For some reason, everytime I read something about Vim and (X)HTML support, guys are referring to many weird plugins and extra tools, which is often outdated.

Many folks do not know, that Vim 7+ has decent support for XML/XHTML/HTML languages (no plugins needed!) with possibilities to extend it with any XML-based language you want. What you can do is to use DTD/RNG converters that prepares Vim definition which is used to give you omni completion.

For example, my Vim installation contains support for HTML4 and XHTML languages by default:

    $ rpm -ql vim vim-common | grep xml

There is nothing to google, nothing to install. It just works. Vim documentation is better resource than Google most times.

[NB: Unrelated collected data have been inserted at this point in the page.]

Lemma mulmx_ebase_pid m p q (E : 'M[F]_(m, q)) : (\rank E <= p)%N ->
  (col_ebase E *m pid_mx (\rank E) : 'M_(m, p)) *m (pid_mx (\rank E) *m row_ebase E) = E.
Proof.
move=> rkE; rewrite mulmxA -[_ *m pid_mx _ *m pid_mx _]mulmxA pid_mx_id //.
exact: mulmx_ebase.
Qed.

Lemma sym_rank1_mx n (E : 'M[F]_n) : E^T = E -> \rank E = 1%N ->
  {a : F & {v : 'I_n -> F | forall i j, E i j = a * v i * v j}}.
Proof.
move=> symE rkE; have EUV := mulmx_ebase_pid (eq_leq rkE).
pose u i : F := (col_ebase E *m pid_mx (\rank E) : 'M_(n, 1)) i 0.
pose v j : F := (pid_mx (\rank E) *m row_ebase E : 'M_(1, n)) 0 j.
have Euv i j : E i j = u i * v j by rewrite -{1}EUV mxE big_ord1.
exists (if [pick j | v j != 0] is Some j0 then u j0 / v j0 else 0), v => i j.
case: pickP => [j0 vj0 | v0]; last first.
  by move/negbFE/eqP: (v0 j); rewrite Euv => ->; rewrite !mulr0.
have uv : u i * v j0 = u j0 * v i.
  by rewrite -!Euv -{1}symE mxE.
by rewrite Euv -[u i](mulfK vj0) uv; ring.
Qed.

End MatrixFacts.

Section Contraction.
Variable R : rcfType.
Local Notation C := (R[i]).
Variable n : nat.
Implicit Types (A B : tensor4 C n) (W X Y : 'M[C]_n).

Definition mxpair (W X : 'M[C]_n) : C := \sum_(i < n) \sum_(j < n) W i j * X i j.

Definition r1mx (f g : 'I_n -> C) : 'M[C]_n := \matrix_(i, j) (f i * g j).

Lemma mxpairZl c W X : mxpair (c *: W) X = c * mxpair W X.
Proof.
rewrite /mxpair big_distrr; apply: eq_bigr => i _.
by rewrite big_distrr; apply: eq_bigr => j _; rewrite mxE -mulrA.
Qed.

Lemma mxpair_conjl X Y : mxpair (cmxconj Y) X = mxinner X Y.
Proof. by apply: eq_bigr => i _; apply: eq_bigr => j _; rewrite mxE mulrC. Qed.

Lemma mxpair_conjr X Y : mxpair X (cmxconj Y) = mxinner X Y.
Proof. by apply: eq_bigr => i _; apply: eq_bigr => j _; rewrite mxE. Qed.

Lemma mxpair_r1mx f g X : mxpair (r1mx f g) X = \sum_(i < n) \sum_(j < n) f i * X i j * g j.
Proof. by apply: eq_bigr => i _; apply: eq_bigr => j _; rewrite mxE; ring. Qed.

Lemma mxpair_r1mx_mulmx m (P : 'M[C]_(m, n)) (Q : 'M[C]_(n, m)) X a b :
  mxpair (r1mx (fun i => P a i) (fun j => Q j b)) X = (P *m X *m Q) a b.
Proof.
rewrite mxpair_r1mx !mxE exchange_big; apply: eq_bigr => j _.
by rewrite mxE big_distrl.
Qed.

Lemma mxpair_r1mx_conj f g X :
  mxpair (r1mx (fun i => (f i)^*) (fun j => (g j)^*)) (cmxconj X) = (mxpair (r1mx f g) X)^*.
Proof.
rewrite !mxpair_r1mx rmorph_sum; apply: eq_bigr => i _.
by rewrite rmorph_sum; apply: eq_bigr => j _; rewrite mxE !rmorphM.
Qed.

Definition contract (A : tensor4 C n) (W W' : 'M[C]_n) : C :=
  \sum_(i < n) \sum_(j < n) \sum_(k < n) \sum_(l < n) W i j * W' k l * A i j k l.

Lemma eq_contract A B W W' : (forall i j k l, A i j k l = B i j k l) ->
  contract A W W' = contract B W W'.
Proof.
move=> AB; do 3 (apply: eq_bigr => ? _); by apply: eq_bigr => l _; rewrite AB.
Qed.

Lemma contract_sum (I : finType) (A : I -> tensor4 C n) W W' :
  contract (fun i j k l => \sum_(x : I) A x i j k l) W W' = \sum_(x : I) contract (A x) W W'.
Proof.
rewrite /contract; symmetry.
do 4 (rewrite exchange_big; apply: eq_bigr => ? _).
by rewrite big_distrr.
Qed.

Lemma contractZ c A W W' :
  contract (fun i j k l => c * A i j k l) W W' = c * contract A W W'.
Proof.
rewrite /contract; do 4 (rewrite big_distrr; apply: eq_bigr => ? _).
by rewrite mulrCA.
Qed.

Lemma contract_mxtens4 X Y W W' : contract (mxtens4 X Y) W W' = mxpair W X * mxpair W' Y.
Proof.
rewrite /contract /mxpair big_distrl; apply: eq_bigr => i _.
rewrite big_distrl; apply: eq_bigr => j _.
rewrite big_distrr; apply: eq_bigr => k _.
by rewrite big_distrr; apply: eq_bigr => l _; rewrite /mxtens4 /=; ring.
Qed.

Lemma contract_cp m A (u1 u2 u3 u4 : 'I_m -> 'I_n -> C) W W' :
  (forall i j k l, A i j k l = \sum_(t < m) vtens4 (u1 t) (u2 t) (u3 t) (u4 t) i j k l) ->
  contract A W W' = \sum_(t < m) mxpair W (r1mx (u1 t) (u2 t)) * mxpair W' (r1mx (u3 t) (u4 t)).
Proof.
move=> defA; rewrite (eq_contract _ _ defA) contract_sum; apply: eq_bigr => t _.
rewrite -contract_mxtens4; apply: eq_contract => i j k l.
by rewrite /vtens4 /mxtens4 !mxE !mulrA.
Qed.

Lemma contract_mdecomp r A (lam : 'I_r -> C) (E : 'I_r -> 'M[C]_n) W W' :
  (forall i j k l, A i j k l = \sum_(t < r) lam t * mxtens4 (E t) (cmxconj (E t)) i j k l) ->
  contract A W W' = \sum_(t < r) lam t * (mxpair W (E t) * mxpair W' (cmxconj (E t))).
Proof.
move=> defA; rewrite (eq_contract _ _ defA) contract_sum; apply: eq_bigr => t _.
by rewrite (contractZ (lam t) (mxtens4 _ _)) contract_mxtens4.
Qed.

Lemma cp_decomp_card_leq (T : finType) k A (W W' : T -> 'M[C]_n) :
  cp_decomp k A -> (forall x y, contract A (W x) (W' y) = (x == y)%:R) -> (#|T| <= k)%N.
Proof.
move=> [u1 [u2 [u3 [u4 defA]]]] WW'1.
apply: (card_leq_factor_id (a := fun x t => mxpair (W x) (r1mx (u1 t) (u2 t)))
                           (b := fun t y => mxpair (W' y) (r1mx (u3 t) (u4 t)))) => x y.
by rewrite -(contract_cp _ _ defA) WW'1.
Qed.

Definition tswap23 (A : tensor4 C n) : tensor4 C n := fun i j k l => A i k j l.

Lemma cp_decomp_tswap23 k A : cp_decomp k A -> cp_decomp k (tswap23 A).
Proof.
move=> [u1 [u2 [u3 [u4 defA]]]]; exists u1, u3, u2, u4 => i j k' l.
by rewrite /tswap23 defA; apply: eq_bigr => t _; rewrite /vtens4; ring.
Qed.

Lemma contract_tswap23_mxtens4 X Y f f' g g' :
  contract (tswap23 (mxtens4 X Y)) (r1mx f f') (r1mx g g')
  = mxpair (r1mx f g) X * mxpair (r1mx f' g') Y.
Proof.
rewrite !mxpair_r1mx /contract big_distrl; apply: eq_bigr => i _.
rewrite big_distrl exchange_big; apply: eq_bigr => k _.
rewrite big_distrr; apply: eq_bigr => j _.
rewrite big_distrr; apply: eq_bigr => l _.
by rewrite /tswap23 /mxtens4 !mxE /=; ring.
Qed.

Lemma cp_decomp_of_fin (T : finType) A (f1 f2 f3 f4 : T -> 'I_n -> C) :
  (forall i j k l, A i j k l = \sum_(x : T) vtens4 (f1 x) (f2 x) (f3 x) (f4 x) i j k l) ->
  cp_decomp #|T| A.
Proof.
move=> defA; exists (f1 \o enum_val), (f2 \o enum_val), (f3 \o enum_val), (f4 \o enum_val).
move=> i j k l; rewrite defA.
exact: (big_enum_val (fun x => vtens4 (f1 x) (f2 x) (f3 x) (f4 x) i j k l)).
Qed.

Lemma cp_decomp_mdecomp r m A (lam : 'I_r -> C) (E : 'I_r -> 'M[C]_n) :
  (forall t, \rank (E t) <= m)%N ->
  (forall i j k l, A i j k l = \sum_(t < r) lam t * mxtens4 (E t) (cmxconj (E t)) i j k l) ->
  cp_decomp (r * m * m) A.
Proof.
move=> rkE defA.
pose U t : 'M[C]_(n, m) := col_ebase (E t) *m pid_mx (\rank (E t)).
pose V t : 'M[C]_(m, n) := pid_mx (\rank (E t)) *m row_ebase (E t).
have EUV t : E t = U t *m V t by rewrite mulmx_ebase_pid.
have -> : (r * m * m)%N = #|{: 'I_r * 'I_m * 'I_m}| by rewrite !card_prod !card_ord.
apply: (cp_decomp_of_fin
  (f1 := fun x i => lam x.1.1 * U x.1.1 i x.1.2) (f2 := fun x j => V x.1.1 x.1.2 j)
  (f3 := fun x k => (U x.1.1 k x.2)^*) (f4 := fun x l => (V x.1.1 x.2 l)^*)) => i j k l.
rewrite defA -(sum_prod3 (fun t a b => vtens4 (fun i => lam t * U t i a) (V t a)
                             (fun k => (U t k b)^*) (fun l => (V t b l)^*) i j k l)).
apply: eq_bigr => t _.
rewrite /mxtens4 /cmxconj mxE EUV !mxE rmorph_sum big_distrl big_distrr.
apply: eq_bigr => a _ /=; rewrite !big_distrr; apply: eq_bigr => b _ /=.
by rewrite /vtens4 rmorphM /=; ring.
Qed.

Lemma cp_rank_exists m A : cp_decomp m A -> exists k, is_cp_rank A k /\ (k <= m)%N.
Proof.
move=> Am; have [k [[Ak kmin] _]] := @dec_inh_nat_subset_has_unique_least_element
  (fun k => cp_decomp k A) (fun k => classic _) (ex_intro _ m Am).
by exists k; split; [split=> // k' /kmin/ssrnat.leP | apply/ssrnat.leP/kmin].
Qed.

Lemma mdecomp_leq_cp r m A (lam : 'I_r -> C) (E : 'I_r -> 'M[C]_n) :
  (forall t, lam t != 0) -> (forall s t, mxinner (E s) (E t) = (s == t)%:R) ->
  (forall i j k l, A i j k l = \sum_(t < r) lam t * mxtens4 (E t) (cmxconj (E t)) i j k l) ->
  cp_decomp m A -> (r <= m)%N.
Proof.
move=> lam0 Eortho defA Ak; rewrite -[r]card_ord.
apply: (cp_decomp_card_leq (W := fun s => (lam s)^-1 *: cmxconj (E s)) (W' := E) Ak) => s t.
rewrite (contract_mdecomp _ _ defA) (bigD1 s) //= big1 => [|u /negbTE us].
  rewrite mxpairZl mxpair_conjl mxpair_conjr !Eortho eqxx mulr1 addr0.
  by rewrite mulrA mulfV // mul1r eq_sym.
by rewrite mxpairZl mxpair_conjl Eortho us mulr0 mul0r mulr0.
Qed.

Lemma mxtens4_leq_cp m A (lam : C) (E : 'M[C]_n) : lam != 0 ->
  (forall i j k l, A i j k l = lam * mxtens4 E (cmxconj E) i j k l) ->
  cp_decomp m A -> (\rank E * \rank E <= m)%N.
Proof.
move=> lam0 defA /cp_decomp_tswap23 Ak.
have /row_fullP [P PEb] := col_base_full E.
have /row_freeP [Q bQ] := row_base_free E.
have PEQ : P *m E *m Q = 1%:M by rewrite -[X in P *m X]mulmx_base mulmxA PEb mul1mx bQ.
have <- : #|{: 'I_(\rank E) * 'I_(\rank E)}| = (\rank E * \rank E)%N.
  by rewrite card_prod card_ord.
apply: (cp_decomp_card_leq
  (W := fun x => r1mx (fun i => (lam^-1 *: P) x.1 i) (fun j => (P x.2 j)^*))
  (W' := fun y => r1mx (fun i => Q i y.1) (fun j => (Q j y.2)^*)) Ak) => [[a c] [b d]] /=.
have defA23 i j k l : tswap23 A i j k l = lam * tswap23 (mxtens4 E (cmxconj E)) i j k l.
  by rewrite /tswap23 defA.
rewrite (eq_contract _ _ defA23).
rewrite contractZ contract_tswap23_mxtens4 mxpair_r1mx_conj !mxpair_r1mx_mulmx.
rewrite -!scalemxAl PEQ !mxE rmorph_nat mulrA mulrA mulfV // mul1r xpair_eqE.
by case: (a == b); case: (c == d); rewrite ?mul1r ?mul0r.
Qed.

Lemma mxinner_sym_rank1 (X Y : 'M[C]_n) a b f g :
  (forall i j, X i j = a * f i * f j) -> (forall i j, Y i j = b * g i * g j) ->
  mxinner X Y = a * b^* * (\sum_(i < n) f i * (g i)^*) ^+ 2.
Proof.
move=> defX defY; rewrite /mxinner expr2 big_distrl big_distrr; apply: eq_bigr => i _.
rewrite big_distrr big_distrr; apply: eq_bigr => j _ /=.
by rewrite defX defY !rmorphM /=; ring.
Qed.

Lemma mdecomp_rank1 r A (lam : 'I_r -> C) (E : 'I_r -> 'M[C]_n) :
  (forall t, lam t \is Num.real) -> (forall t, (E t)^T = E t) ->
  (forall s t, mxinner (E s) (E t) = (s == t)%:R) ->
  (forall i j k l, A i j k l = \sum_(t < r) lam t * mxtens4 (E t) (cmxconj (E t)) i j k l) ->
  (forall t, \rank (E t) = 1%N) ->
  exists (lam' : 'I_r -> C) (p : 'I_r -> 'I_n -> C),
    (forall t, lam' t \is Num.real) /\
    (forall s t, s != t -> \sum_(k < n) (p s k)^* * p t k = 0) /\
    (forall i j k l, A i j k l =
       \sum_(t < r) lam' t * vtens4 (p t) (p t) (fun x => (p t x)^*) (fun x => (p t x)^*) i j k l).
Proof.
move=> lamR Esym Eortho defA rkE.
pose a t := projT1 (sym_rank1_mx (Esym t) (rkE t)).
pose v t := sval (projT2 (sym_rank1_mx (Esym t) (rkE t))).
have defE t : forall i j, E t i j = a t * v t i * v t j :=
  svalP (projT2 (sym_rank1_mx (Esym t) (rkE t))).
have innerE s t := mxinner_sym_rank1 (defE s) (defE t).
have a0 t : a t != 0.
  by apply: contra_eqN (Eortho t t) => /eqP a0; rewrite innerE a0 !mul0r eqxx eq_sym oner_eq0.
exists (fun t => lam t * `|a t| ^+ 2), v; split; [|split].
- by move=> t; rewrite rpredM ?rpredX ?normr_real.
- move=> s t /negbTE st; have /eqP := Eortho s t.
  rewrite st innerE !mulf_eq0 conjC_eq0 (negbTE (a0 s)) (negbTE (a0 t)) /= orbb => /eqP vst.
  apply: etrans (_ : _ = (\sum_(i < n) v s i * (v t i)^*)^*) _; last by rewrite vst conjC0.
  by rewrite rmorph_sum; apply: eq_bigr => i _; rewrite rmorphM /= conjCK mulrC.
- move=> i j k l; rewrite defA; apply: eq_bigr => t _.
  by rewrite /mxtens4 /vtens4 mxE !defE normCK !rmorphM /=; ring.
Qed.

End Contraction.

The trick is Vim’s autoloading feature. You need to make sure the file you are opening has the proper DOCTYPE definition which is correct. So use that for HTML and XHTML files, then Vim 7+ will automatically enable XML/HTML omni completion for you. Example for HTML4:

    <!DOCTYPE html PUBLIC "-//W3C//DTD HTML 4.01 Transitional//EN"

Now try to insert body tag, type “bo” and hit Ctrl X O. Bang. Try to add an attribute, type “on” and hit it again. Bingo.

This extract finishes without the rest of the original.